Quando isso aconteceu foi tão rápido. Meus pés desequilibrando logo cai, a posição delicada que eu tentei executar e que por ironia já havia feito a tantas vezes que tinha se tornado hábito, era um passo tão suave. Tão sereno.
A adrenalina subiu a cabeça e voltei a vida real, pus as mãos na madeira firme arranhada e senti mechas das franjas de meu cabelo cobrirem os dois lados de meu rosto, a música parou pouco depois de eu cair o pianista interrompeu a melodia e o som da sala foi preenchido por um coro conjunto de preocupação. Fiquei caída com as pernas uma em cima da outra meu tornozelo doía, eu devo ter torcido ele.

Sua burra. Burra. Pensei comigo mesma, ficando brava por um segundo, sentindo o calor do momento subir a meu rosto e ele ficando vermelho.

- Senhorita? - Eu ouvi uma voz afetada dizer de longe, eu havia esquecido de prestar atenção no que os outros falavam, meu rosto ainda estava abaixado. Encarando o chão.

- Alguém deveria ver como ela tá. - Ouvi outra voz, não tive coragem de erguer o olhar, estava derrotada. - tão diminuída como um inseto.

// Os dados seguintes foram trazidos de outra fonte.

(* Consider the $N$-node uplink system described in the context, let $\beta_1,\dots,\beta_N>0$, define the Lyapunov function $L(t)=\frac1N\sum_{i=1}^N\beta_iD_{t,i}$ and, for a given action $\bm{a}_t=(a_{t,1},\dots,a_{t,N})\in\{0,1\}^N$ with $\sum_i a_{t,i}\le1$, the Lyapunov drift $\Delta=\mathbb{E}[L(t+1)-L(t)\mid \bm{B}_t,\bm{a}_t]$, where $\bm{B}_t$ is the AP's current belief state (the destination AoIs $D_{t,i}$ together with the local-age beliefs $\bm{b}_{t,i}$). Let $G_{t,i}=D_{t,i}-\sum_{d\ge1}b_{t,i}(d)\,d$. Then the drift is minimized over all such actions by scheduling a node $i$ with maximal value of $\beta_ip_iG_{t,i}$.
   Context: System: $N$ nodes $i=1,\dots,N$ and one access point (AP); time slots $t=0,1,2,\dots$. Node $i$ receives a status update in each slot independently with probability $\lambda_i\in(0,1]$ and keeps only the latest one. Local age: $d_{t+1,i}=1$ if an update arrives at node $i$ in slot $t$, else $d_{t+1,i}=d_{t,i}+1$; always $D_{t,i}\ge d_{t,i}$. In each slot the AP schedules at most one node ($a_{t,i}=1$ iff node $i$ is scheduled); a scheduled node $i$'s transmission succeeds with probability $p_i\in(0,1]$ independently. If node $i$ is scheduled and succeeds in slot $t$, the AP observes $d_{t,i}$ and $D_{t+1,i}=d_{t,i}+1$; otherwise the AP observes nothing about $d_{t,i}$ and $D_{t+1,i}=D_{t,i}+1$. The belief $b_{t,i}(d)=\Pr(d_{t,i}=d\mid\text{AP history up to slot }t-1)$, and $D_{t,i}$ is known to the AP. *)

From HB Require Import structures.
From mathcomp Require Import all_boot all_order all_algebra.
Set Implicit Arguments. Unset Strict Implicit. Unset Printing Implicit Defensive.
Import Order.TTheory GRing.Theory Num.Theory.
Local Open Scope ring_scope.

Section AoI.
Variables (R : realFieldType) (N : nat).

Definition valid_action (a : {ffun 'I_N -> bool}) : Prop :=
  (\sum_(i < N) (a i : nat) <= 1)%N.

Definition sched (i : 'I_N) : {ffun 'I_N -> bool} := [ffun j => j == i].

(* Belief state B_t: destination AoIs D i (known to the AP) and local-age
   beliefs b i d = Pr(d_{t,i} = d | history); since 1 <= d_{t,i} <= D_{t,i},
   b i is supported on {1,...,D i}. *)
Definition valid_belief (D : 'I_N -> nat) (b : 'I_N -> nat -> R) : Prop :=
  forall i, [/\ (1 <= D i)%N,
                (forall d, 0 <= b i d),
                (forall d, (d == 0)%N || (D i < d)%N -> b i d = 0)
              & \sum_(1 <= d < (D i).+1) b i d = 1].

Definition succ_prob (p : 'I_N -> R) (a : {ffun 'I_N -> bool}) (i : 'I_N) : R :=
  if a i then p i else 0.

(* E[D_{t+1,i} | B_t, a_t]: average over the success event s (probability
   succ_prob) and the local age d_{t,i} = d (probability b i d); the next
   destination AoI is d + 1 if i is scheduled and succeeds, D i + 1 otherwise. *)
Definition exp_next_D (D : 'I_N -> nat) (b : 'I_N -> nat -> R)
  (p : 'I_N -> R) (a : {ffun 'I_N -> bool}) (i : 'I_N) : R :=
  \sum_(s : bool) \sum_(1 <= d < (D i).+1)
     ((if s then succ_prob p a i else 1 - succ_prob p a i) * b i d *
      (if a i && s then (d.+1)%:R else ((D i).+1)%:R)).

Definition lyap (beta : 'I_N -> R) (D : 'I_N -> R) : R :=
  N%:R^-1 * \sum_(i < N) beta i * D i.

(* Lyapunov drift E[L(t+1) - L(t) | B_t, a_t] (by linearity of expectation). *)
Definition drift (beta : 'I_N -> R) (D : 'I_N -> nat) (b : 'I_N -> nat -> R)
  (p : 'I_N -> R) (a : {ffun 'I_N -> bool}) : R :=
  lyap beta (exp_next_D D b p a) - lyap beta (fun i => (D i)%:R).

Definition Gval (D : 'I_N -> nat) (b : 'I_N -> nat -> R) (i : 'I_N) : R :=
  (D i)%:R - \sum_(1 <= d < (D i).+1) b i d * d%:R.

End AoI.

From HB Require Import structures.
From mathcomp Require Import all_boot all_order all_algebra.
From mathcomp Require Import ring.
Import Order.TTheory GRing.Theory Num.Theory.
Local Open Scope ring_scope.

(* Given the belief, D_{t+1,i} is D_{t,i} + 1 unless node i is scheduled and
   succeeds, in which case it is d_{t,i} + 1; hence
   E[D_{t+1,i}] = D_{t,i} + 1 - a_{t,i} p_i G_{t,i}.  The drift is thus a
   constant minus (1/N) sum_i a_{t,i} beta_i p_i G_{t,i}, and since
   G_{t,i} >= 0 (the local age never exceeds D_{t,i}), an action scheduling at
   most one node makes this sum largest by picking a maximal weight.  The
   arrival rates lambda_i do not enter the one-step drift. *)

Section ActionWeights.
Variables (R : realFieldType) (N : nat).

Lemma valid_action_sched (i : 'I_N) : valid_action (sched i).
Proof.
rewrite /valid_action (bigD1 i) //= big1 ?ffunE ?eqxx // => j /negbTE.
by rewrite ffunE => ->.
Qed.

Lemma sum_sched (w : 'I_N -> R) (i : 'I_N) :
  \sum_(j < N) (sched i j)%:R * w j = w i.
Proof.
rewrite (bigD1 i) //= big1 ?ffunE ?eqxx ?mul1r ?addr0 // => j /negbTE.
by rewrite ffunE => ->; rewrite mul0r.
Qed.

Lemma sum_action_le_max (w : 'I_N -> R) (i : 'I_N) (a : {ffun 'I_N -> bool}) :
  valid_action a -> 0 <= w i -> (forall j, w j <= w i) ->
  \sum_(j < N) (a j)%:R * w j <= w i.
Proof.
move=> Ha wi_ge0 wi_max.
apply: (@le_trans _ _ (\sum_(j < N) (a j)%:R * w i)).
  by apply: ler_sum => j _; apply: ler_wpM2l.
rewrite -mulr_suml -natr_sum -[leRHS]mul1r.
by apply: ler_wpM2r => //; rewrite lern1.
Qed.

End ActionWeights.

Section Drift.
Variables (R : realFieldType) (N : nat).
Variables (D : 'I_N -> nat) (b : 'I_N -> nat -> R) (p beta : 'I_N -> R).

Lemma exp_next_DE (a : {ffun 'I_N -> bool}) (j : 'I_N) :
  \sum_(1 <= d < (D j).+1) b j d = 1 ->
  exp_next_D D b p a j = (D j).+1%:R - (a j)%:R * (p j * Gval D b j).
Proof.
move=> b_sum1; rewrite /exp_next_D big_bool /= /succ_prob /Gval.
have sum_scaled c : \sum_(1 <= d < (D j).+1) c * b j d * (D j).+1%:R
                    = c * (D j).+1%:R.
  by rewrite -mulr_suml -mulr_sumr b_sum1 mulr1.
case: (a j) => /=; rewrite !sum_scaled; last by ring.
have -> : \sum_(1 <= d < (D j).+1) p j * b j d * d.+1%:R
    = p j * \sum_(1 <= d < (D j).+1) b j d * d%:R
      + p j * \sum_(1 <= d < (D j).+1) b j d.
  rewrite !mulr_sumr -big_split /=; apply: eq_bigr => d _.
  by rewrite -addn1 natrD; ring.
rewrite b_sum1 -addn1 natrD; ring.
Qed.

Lemma Gval_ge0 (i : 'I_N) : valid_belief D b -> 0 <= Gval D b i.
Proof.
move=> /(_ i) [_ b_ge0 _ b_sum1]; rewrite /Gval subr_ge0.
apply: (@le_trans _ _ (\sum_(1 <= d < (D i).+1) b i d * (D i)%:R)).
  by apply: ler_sum_nat => d /andP [_ ltdD]; rewrite ler_wpM2l // ler_nat -ltnS.
by rewrite -mulr_suml b_sum1 mul1r.
Qed.

Lemma driftE (a : {ffun 'I_N -> bool}) : valid_belief D b ->
  drift beta D b p a = N%:R^-1 *
    (\sum_(j < N) beta j - \sum_(j < N) (a j)%:R * (beta j * p j * Gval D b j)).
Proof.
move=> Hb; rewrite /drift /lyap -mulrBr -!sumrB; congr (_ * _).
apply: eq_bigr => j _; have [_ _ _ b_sum1] := Hb j.
rewrite exp_next_DE // -addn1 natrD; ring.
Qed.

End Drift.

Theorem proposition2 (R : realFieldType) (N : nat)
  (lambda p beta : 'I_N -> R) (D : 'I_N -> nat) (b : 'I_N -> nat -> R)
  (Hlambda : forall i, 0 < lambda i <= 1)
  (Hp : forall i, 0 < p i <= 1)
  (Hbeta : forall i, 0 < beta i)
  (Hb : valid_belief D b)
  (i : 'I_N)
  (Hmax : forall j, beta j * p j * Gval D b j <= beta i * p i * Gval D b i) :
  valid_action (sched i) /\
  forall a : {ffun 'I_N -> bool}, valid_action a ->
    drift beta D b p (sched i) <= drift beta D b p a.
Proof.
split=> [|a Ha]; first exact: valid_action_sched.
rewrite !driftE // sum_sched.
rewrite ler_wpM2l ?invr_ge0 ?ler0n // lerD2l lerN2.
apply: sum_action_le_max => //.
have [p_gt0 _] := andP (Hp i).
by rewrite !mulr_ge0 ?Gval_ge0 ?ltW ?Hbeta.
Qed.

Senti um aperto quente de contato em meus ombros, e desceu pelo meu braço esquerdo esticado como suporte no chão e me levantando para cima com certa delicadeza, quando tentei ficar em pé com a ajuda de alguém - que ainda não levantei os olhos para olhar - deixei meu tornozelo erguido no ar.

- Ela pode ter torcido o pé. - Era um voz feminina, ao meu lado.
Ergui o olhar, uma mulher me segurava e as outras garotas na sala se juntaram perante nós duas, de frente a mesa dos jurados.
- Você está bem? Ou cortou a língua na queda. - Foi uma pergunta retórica, encaminhada pela mulher velha que eu entreguei os papéis.

Encarei ela, as palavras recusaram a sair; meu estômago ficou frio. O homem sentado no meio na mesa, abanou a mão no ar. Exasperado ele disse:
- Ajudem ela a ir ao vestiário, vamos dar uma pausa.
- Que ultrajante... - Ouvi por final a mesma mulher dizer com sotaque londrino.

Mais braços me seguraram, os dançarinos que se uniram a me ajudar me levaram com cuidado, eu mancando em um pé só, mordi o lábio antes de dizer:
- Agradecida, eu posso...

Parei de falar quando vi ele, agora eu tinha novamente a atenção dele seus olhos claros como um dia ensolarado me olhando, os braços cruzados mas a expressão em seu rosto era de uma curiosidade cautelosa, fui levada até o vestiário me sentei com ajuda nos bancos sem encosto de madeira como os das escolas nos vestiários e muitas das pessoas se dispensaram dali, ficando um grupo cada vez menor de pessoas.

A garota que me segurou agora ajoelhada no chão retirando o laço de minha sapatilha ela tirou pedaço da meia e da faixa. Pude perceber que ela tinha sardas espalhadas no rosto, seu rosto era robusto e quadrado.
- Obrigada, eu não suporto pensar sobre isso.
- Tudo bem. - Ela respondeu tirando a faixa, olhei o vestiário; só restavam algumas pessoas que logo foram expulsas quando um homem de terno e elegante entrou na sala abanando com os braços as pessoas da sala.

Ele pôs as mãos na cintura e avaliou por cima do ombro da garota meu pé, ele fez uma expressão de empatia e ostentou as rugas da idade nos olhos e testa, após isso ele saiu da sala olhando para baixo mas logo ergueu o olhar.
- Foi tão ruim assim? - Perguntei.
- Não tá muito ruim, foi só uma torcida. Uma compressa e gelo pode resolver.
- Eu falo da apresentação.
- Oh. - Ela exclamou ainda olhando para baixo, e deixando com um movimento a sapatilha no chão e me encarou ao proferir. - Isso é incomum, não posso mentir não é sempre que isso acontece.
- Sempre? Você está aqui a quanto tempo? - Eu disse engasgada, recuperando a realidade.
- Dois anos, fui chamada para essa apresentação.